EXERCISE BRIEF – Exactly the line with "by rewrite sphere_coef_pair mul0r." and the lines that follow it, through the closing line of the entries, should be restated, with nothing left out or added.

::: DATA UNDER STUDY

(* Let $A_0,A_1,\dots,A_n$ be the distance matrices of the hypercube $Q_n$ (real $2^n\times 2^n$ matrices). (i) If $n$ is odd, then $\ker(A_0+A_1)\subseteq\ker(A_{2i}+A_{2i+1})$ for all $i=0,1,\dots,\frac{n-1}{2}$. (ii) If $n\equiv 1\pmod 4$, then $\ker(A_0+A_1)\subseteq\ker(A_i+A_{n-i})$ for all $i=0,1,\dots,\frac{n-1}{2}$.
   Context: $Q_n$ is the hypercube with vertex set $\mathbb{F}_2^n$, two vertices adjacent iff they differ in exactly one coordinate. For $0\le i\le n$, the $i$-distance matrix $A_i$ is the matrix indexed by vertices with $(A_i)_{xy}=1$ if $d(x,y)=i$ and $0$ otherwise; $A_0=I$ and $A_1$ is the adjacency matrix. *)

From Stdlib Require Import Reals.
From mathcomp Require Import all_boot all_order all_algebra.
From mathcomp Require Import Rstruct.
Set Implicit Arguments. Unset Strict Implicit. Unset Printing Implicit Defensive.
Import GRing.Theory.
Local Open Scope ring_scope.

Definition hvert (n : nat) := {ffun 'I_n -> bool}.

(* Hamming distance = graph distance in Q_n. *)
Definition hdist (n : nat) (x y : hvert n) : nat := #|[set k | x k != y k]|.

Definition distmx (n i : nat) : 'M[R]_(#|{: hvert n}|) :=
  \matrix_(a, b) (if hdist (enum_val a) (enum_val b) == i then 1 else 0).

Definition in_ker (N : nat) (M : 'M[R]_N) (v : 'cV[R]_N) : Prop := M *m v = 0.

(* Fix a vector f in the kernel of A_0 + A_1, i.e. f(y) + sum_{y' ~ y} f(y') = 0 for
   every vertex y, and a vertex x, and let S_k = sum_{d(x,y) = k} f(y).  Summing the kernel
   equation over the sphere of radius k+1 around x, every vertex at distance k (resp. k+2)
   from x is counted n-k (resp. k+2) times, so
     S_{k+1} + (n-k) S_k + (k+2) S_{k+2} = 0,   S_0 = f(x),  S_1 = -f(x).
   For n = 2h+1 this recurrence is solved by S_{2j} = (-1)^j C(h,j) f(x) = -S_{2j+1}.
   Hence S_{2i} + S_{2i+1} = 0, which is (i); when h is even, C(h,j) = C(h,h-j) with the
   same sign, and S_i + S_{n-i} = 0 because i and n-i have opposite parities, which is (ii). *)

From Stdlib Require Import Reals.
From mathcomp Require Import all_boot all_order all_algebra.
From mathcomp Require Import Rstruct.
From mathcomp Require Import zify ring.
Set Implicit Arguments. Unset Strict Implicit. Unset Printing Implicit Defensive.
Import GRing.Theory Num.Theory.
Local Open Scope ring_scope.

Section Flip.
Variable n : nat.
Implicit Types (x y w : hvert n) (l : 'I_n).

Definition flip l w : hvert n := [ffun k => if k == l then ~~ w k else w k].

Lemma flipK l : involutive (flip l).
Proof. by move=> w; apply/ffunP=> k; rewrite !ffunE; case: eqP; rewrite ?negbK. Qed.

Lemma flip_injl w : injective (flip^~ w).
Proof.
move=> l l' /ffunP/(_ l); rewrite !ffunE eqxx.
by case: eqP => [->|_] //; case: (w l).
Qed.

Lemma hdist_eq0 x y : (hdist x y == 0%N) = (x == y).
Proof.
rewrite cards_eq0; apply/eqP/eqP => [/setP xy | ->].
  by apply/ffunP=> k; have := xy k; rewrite !inE => /negbFE/eqP.
by apply/setP=> k; rewrite !inE eqxx.
Qed.

Lemma card_agree x w : #|[set l | x l == w l]| = (n - hdist x w)%N.
Proof.
have := cardsC [set l | x l != w l]; rewrite card_ord.
have -> : ~: [set l | x l != w l] = [set l | x l == w l].
  by apply/setP=> l; rewrite !inE negbK.
rewrite /hdist; lia.
Qed.

Lemma hdist_flip x w l :
  hdist x (flip l w) = if x l == w l then (hdist x w).+1 else (hdist x w).-1.
Proof.
have flip_ne k :
    (x k != flip l w k) = if k == l then x l == w l else x k != w k.
  by rewrite ffunE; case: (k =P l) => [->|]; case: (x l); case: (w l).
rewrite /hdist; case: ifP => xwl.
  have := cardsU1 l [set k | x k != w k]; rewrite inE xwl /= add1n => <-.
  apply: eq_card => k.
  by rewrite !inE flip_ne; case: (k =P l) => [->|].
rewrite (cardsD1 l [set k | x k != w k]) inE xwl /=; apply: eq_card => k.
by rewrite !inE flip_ne; case: (k =P l) => [->|].
Qed.

Lemma hdist_eq1 y w : (hdist y w == 1%N) = (w \in [set flip l y | l : 'I_n]).
Proof.
rewrite /hdist; apply/cards1P/idP => [[l /setP yw] | /imsetP[l _ ->]].
  suff -> : w = flip l y by apply: imset_f.
  apply/ffunP=> k; have := yw k; rewrite !inE ffunE.
  by case: (k =P l) => _; case: (y k); case: (w k).
exists l; apply/setP=> k; rewrite !inE ffunE.
by case: (k =P l) => _; case: (y k).
Qed.

End Flip.

Section SphereSum.
Variables (V : nmodType) (n : nat).
Implicit Types (f : hvert n -> V) (x y w : hvert n).

Definition sphere_sum f x k : V := \sum_(y | hdist x y == k) f y.

Lemma sphere_sum0 f x : sphere_sum f x 0 = f x.
Proof.
rewrite /sphere_sum (eq_bigl (pred1 x)) ?big_pred1_eq // => y.
by rewrite hdist_eq0 eq_sym.
Qed.

Lemma sphere_sum1 f x : sphere_sum f x 1 = \sum_l f (flip l x).
Proof.
rewrite /sphere_sum (eq_bigl (mem [set flip l x | l : 'I_n])); last first.
  by move=> w; rewrite hdist_eq1.
by rewrite big_imset //= => l l' _ _ /flip_injl.
Qed.

Lemma card_flip_hdist x w k :
  #|[set l | hdist x (flip l w) == k.+1]| =
  (if hdist x w == k then n - k else if hdist x w == k.+2 then k.+2 else 0)%N.
Proof.
set d := hdist x w.
have -> : [set l | hdist x (flip l w) == k.+1] =
          [set l | if x l == w l then d == k else d == k.+2].
  by apply/setP=> l; rewrite !inE hdist_flip -/d; case: (x l == w l); last case: (d).
case: (d =P k) => [d_k | _].
  rewrite -d_k -card_agree; apply: eq_card => l; rewrite !inE.
  by case: (x l == w l); rewrite ?ltn_eqF.
case: (d =P k.+2) => [<- | _]; first by apply: eq_card => l; rewrite !inE.
by apply: eq_card0 => l; rewrite !inE; case: ifP.
Qed.

Lemma sum_sphere_flips f x k :
  \sum_(y | hdist x y == k.+1) \sum_l f (flip l y) =
  sphere_sum f x k *+ (n - k) + sphere_sum f x k.+2 *+ k.+2.
Proof.
(* Double counting: after the substitution y = flip l w, each w is counted once for
   every l with d(x, flip l w) = k+1. *)
rewrite exchange_big /=.
under eq_bigr => l _ do rewrite (reindex_inj (inv_inj (flipK l))) /=.
under eq_bigr => l _ do under eq_bigr => w _ do rewrite flipK.
rewrite (exchange_big_dep xpredT) //=.
under eq_bigr => w _ do rewrite sumr_const -cardsE card_flip_hdist.
rewrite /sphere_sum !(big_mkcond (fun y => hdist x y == _)) -!sumrMnl -big_split /=.
apply: eq_bigr => w _; case: (hdist x w =P k) => [-> | _].
  by rewrite ltn_eqF ?mul0rn ?addr0.
by case: (hdist x w =P k.+2) => _; rewrite ?mul0rn ?add0r.
Qed.

End SphereSum.

Definition sphere_recurrence (V : nmodType) (n : nat) (u : nat -> V) :=
  forall k, u k.+1 + u k *+ (n - k) + u k.+2 *+ k.+2 = 0.

Lemma sphere_sum_rec (V : nmodType) n (f : hvert n -> V) :
  (forall y, sphere_sum f y 0 + sphere_sum f y 1 = 0) ->
  forall x, sphere_recurrence n (sphere_sum f x).
Proof.
move=> ker_f x k; rewrite -addrA -sum_sphere_flips /sphere_sum -big_split /=.
by apply: big1 => y _; rewrite -sphere_sum1 -[f y]sphere_sum0 ker_f.
Qed.

Section SphereCoef.
Variable F : numFieldType.
Implicit Types u v : nat -> F.

Lemma sphere_recurrenceMr n u a :
  sphere_recurrence n u -> sphere_recurrence n (fun k => u k * a).
Proof. by move=> rec_u k; rewrite -!mulrnAl -!mulrDl rec_u mul0r. Qed.

Lemma sphere_recurrence_uniq n u v :
  u 0 = v 0 -> u 1 = v 1 -> sphere_recurrence n u -> sphere_recurrence n v -> u =1 v.
Proof.
move=> uv0 uv1 rec_u rec_v.
suff uv k : u k = v k /\ u k.+1 = v k.+1 by move=> k; case: (uv k).
elim: k => [|k [uv_k uv_k1]]; first by [].
split=> //; apply/eqP.
have last_term (w : nat -> F) :
    sphere_recurrence n w -> w k.+2 *+ k.+2 = - (w k.+1 + w k *+ (n - k)).
  by move=> /(_ k) /eqP; rewrite addrC addr_eq0 => /eqP.
have := last_term u rec_u; rewrite uv_k uv_k1 -(last_term v rec_v) => /eqP.
by rewrite -subr_eq0 -mulrnBl mulrn_eq0 subr_eq0.
Qed.

Definition signed_binom h j : F := (-1) ^+ j * 'C(h, j)%:R.

Lemma signed_binomS h j : signed_binom h j.+1 *+ j.+1 = - (signed_binom h j *+ (h - j)).
Proof.
rewrite /signed_binom exprS mulN1r mulNr mulNrn -!mulrnAr -!mulrnA.
by rewrite mulnC mul_bin_left mulnC.
Qed.

Lemma signed_binom_sub h j : ~~ odd h -> (j <= h)%N -> signed_binom h (h - j) = signed_binom h j.
Proof.
move=> even_h le_jh; rewrite /signed_binom bin_sub //.
by rewrite -signr_odd oddB // (negbTE even_h) signr_odd.
Qed.

Definition sphere_coef h k : F :=
  if odd k then - signed_binom h k./2 else signed_binom h k./2.

Lemma sphere_coef_double h j : sphere_coef h j.*2 = signed_binom h j.
Proof. by rewrite /sphere_coef odd_double half_double. Qed.

Lemma sphere_coef_doubleS h j : sphere_coef h j.*2.+1 = - signed_binom h j.
Proof. by rewrite /sphere_coef /= odd_double uphalf_double. Qed.

Lemma sphere_coef_rec h : sphere_recurrence h.*2.+1 (sphere_coef h).
Proof.
move=> k; rewrite -[k]odd_double_half; case: (odd k); move: k./2 => j.
  rewrite add1n -doubleS sphere_coef_double !sphere_coef_doubleS.
  have -> : (h.*2.+1 - j.*2.+1 = (h - j) * 2)%N by lia.
  have -> : (j.+1.*2.+1 = j.+1 * 2 + 1)%N by lia.
  rewrite mulrnDr !mulrnA ?mulNrn signed_binomS.
  ring.
rewrite add0n -doubleS sphere_coef_double sphere_coef_doubleS sphere_coef_double.
case: (leqP j h) => [le_jh | lt_hj].
  have -> : (h.*2.+1 - j.*2 = (h - j) * 2 + 1)%N by lia.
  have -> : (j.+1.*2 = j.+1 * 2)%N by lia.
  rewrite mulrnDr !mulrnA ?mulNrn signed_binomS.
  ring.
by rewrite /signed_binom !bin_small ?mulr0 ?mul0rn ?oppr0 ?addr0 // ltnW.
Qed.

Lemma sphere_coef_pair h i : sphere_coef h (2 * i) + sphere_coef h (2 * i + 1) = 0.
Proof. by rewrite mul2n addn1 sphere_coef_double sphere_coef_doubleS addrN. Qed.

Lemma sphere_coef_compl h i : ~~ odd h -> (i <= h.*2.+1)%N ->
  sphere_coef h i + sphere_coef h (h.*2.+1 - i) = 0.
Proof.
move=> even_h; rewrite -[i]odd_double_half; case: (odd i); move: i./2 => j le_j.
  have -> : (h.*2.+1 - (true + j.*2) = (h - j).*2)%N by lia.
  by rewrite add1n sphere_coef_doubleS sphere_coef_double signed_binom_sub ?addNr //; lia.
have -> : (h.*2.+1 - (false + j.*2) = (h - j).*2.+1)%N by lia.
by rewrite add0n sphere_coef_double sphere_coef_doubleS signed_binom_sub ?addrN //; lia.
Qed.

Lemma kernel_sphere_sum h (f : hvert h.*2.+1 -> F) :
  (forall y, sphere_sum f y 0 + sphere_sum f y 1 = 0) ->
  forall x k, sphere_sum f x k = sphere_coef h k * f x.
Proof.
move=> ker_f x; apply: sphere_recurrence_uniq (sphere_sum_rec ker_f x)
  (sphere_recurrenceMr _ (sphere_coef_rec h)).
  by rewrite sphere_sum0 (sphere_coef_double h 0) /signed_binom expr0 bin0 !mul1r.
have := ker_f x; rewrite sphere_sum0 addrC => /eqP; rewrite addr_eq0 => /eqP ->.
by rewrite (sphere_coef_doubleS h 0) /signed_binom expr0 bin0 mul1r mulN1r.
Qed.

End SphereCoef.

Definition vertex_fun n (v : 'cV[R]_#|{: hvert n}|) (x : hvert n) : R := v (enum_rank x) 0.

Lemma distmx_mulE n i v x :
  (distmx n i *m v) (enum_rank x) 0 = sphere_sum (@vertex_fun n v) x i.
Proof.
rewrite mxE (reindex (@enum_rank _)) /=; last by apply: onW_bij; exact: enum_rank_bij.
rewrite /sphere_sum [RHS]big_mkcond; apply: eq_bigr => y _; rewrite !mxE !enum_rankK.
by case: ifP; rewrite ?mul1r ?mul0r.
Qed.

Lemma in_ker_distmxD n i j v :
  in_ker (distmx n i + distmx n j) v <->
  forall x, sphere_sum (@vertex_fun n v) x i + sphere_sum (@vertex_fun n v) x j = 0.
Proof.
have mulE x : ((distmx n i + distmx n j) *m v) (enum_rank x) 0 =
    sphere_sum (vertex_fun v) x i + sphere_sum (vertex_fun v) x j.
  by rewrite mulmxDl mxE !distmx_mulE.
split=> [/matrixP ker_v x | ker_v]; first by have := ker_v (enum_rank x) 0; rewrite mulE mxE.
by apply/matrixP => a b; rewrite (ord1 b) -(enum_valK a) mulE ker_v mxE.
Qed.

Theorem lemma3p8 (n : nat) :
  (odd n ->
     forall i : nat, (i <= (n - 1) %/ 2)%N ->
     forall v : 'cV[R]_(#|{: hvert n}|),
       in_ker (distmx n 0 + distmx n 1) v ->
       in_ker (distmx n (2 * i)%N + distmx n (2 * i + 1)%N) v) /\
  ((n %% 4 = 1)%N ->
     forall i : nat, (i <= (n - 1) %/ 2)%N ->
     forall v : 'cV[R]_(#|{: hvert n}|),
       in_ker (distmx n 0 + distmx n 1) v ->
       in_ker (distmx n i + distmx n (n - i)%N) v).
Proof.
have [[h ->] | even_n] : (exists h, n = h.*2.+1) \/ ~~ odd n;
    last by split=> ?; exfalso; lia.
  by case/boolP: (odd n) => odd_n; [left; exists n./2; lia | right].
have ker_coef v : in_ker (distmx h.*2.+1 0 + distmx h.*2.+1 1) v ->
    forall x k, sphere_sum (vertex_fun v) x k = sphere_coef R h k * vertex_fun v x.
  by move/in_ker_distmxD; apply: kernel_sphere_sum.
split=> [_ i _ v /ker_coef coef_v | n4 i le_i v /ker_coef coef_v];
  apply/in_ker_distmxD => x; rewrite !coef_v -mulrDl.
  by rewrite sphere_coef_pair mul0r.
by rewrite sphere_coef_compl ?mul0r //; lia.
Qed.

::::::

WRITTEN SOLUTION –
  by rewrite sphere_coef_pair mul0r.
by rewrite sphere_coef_compl ?mul0r //; lia.
Qed.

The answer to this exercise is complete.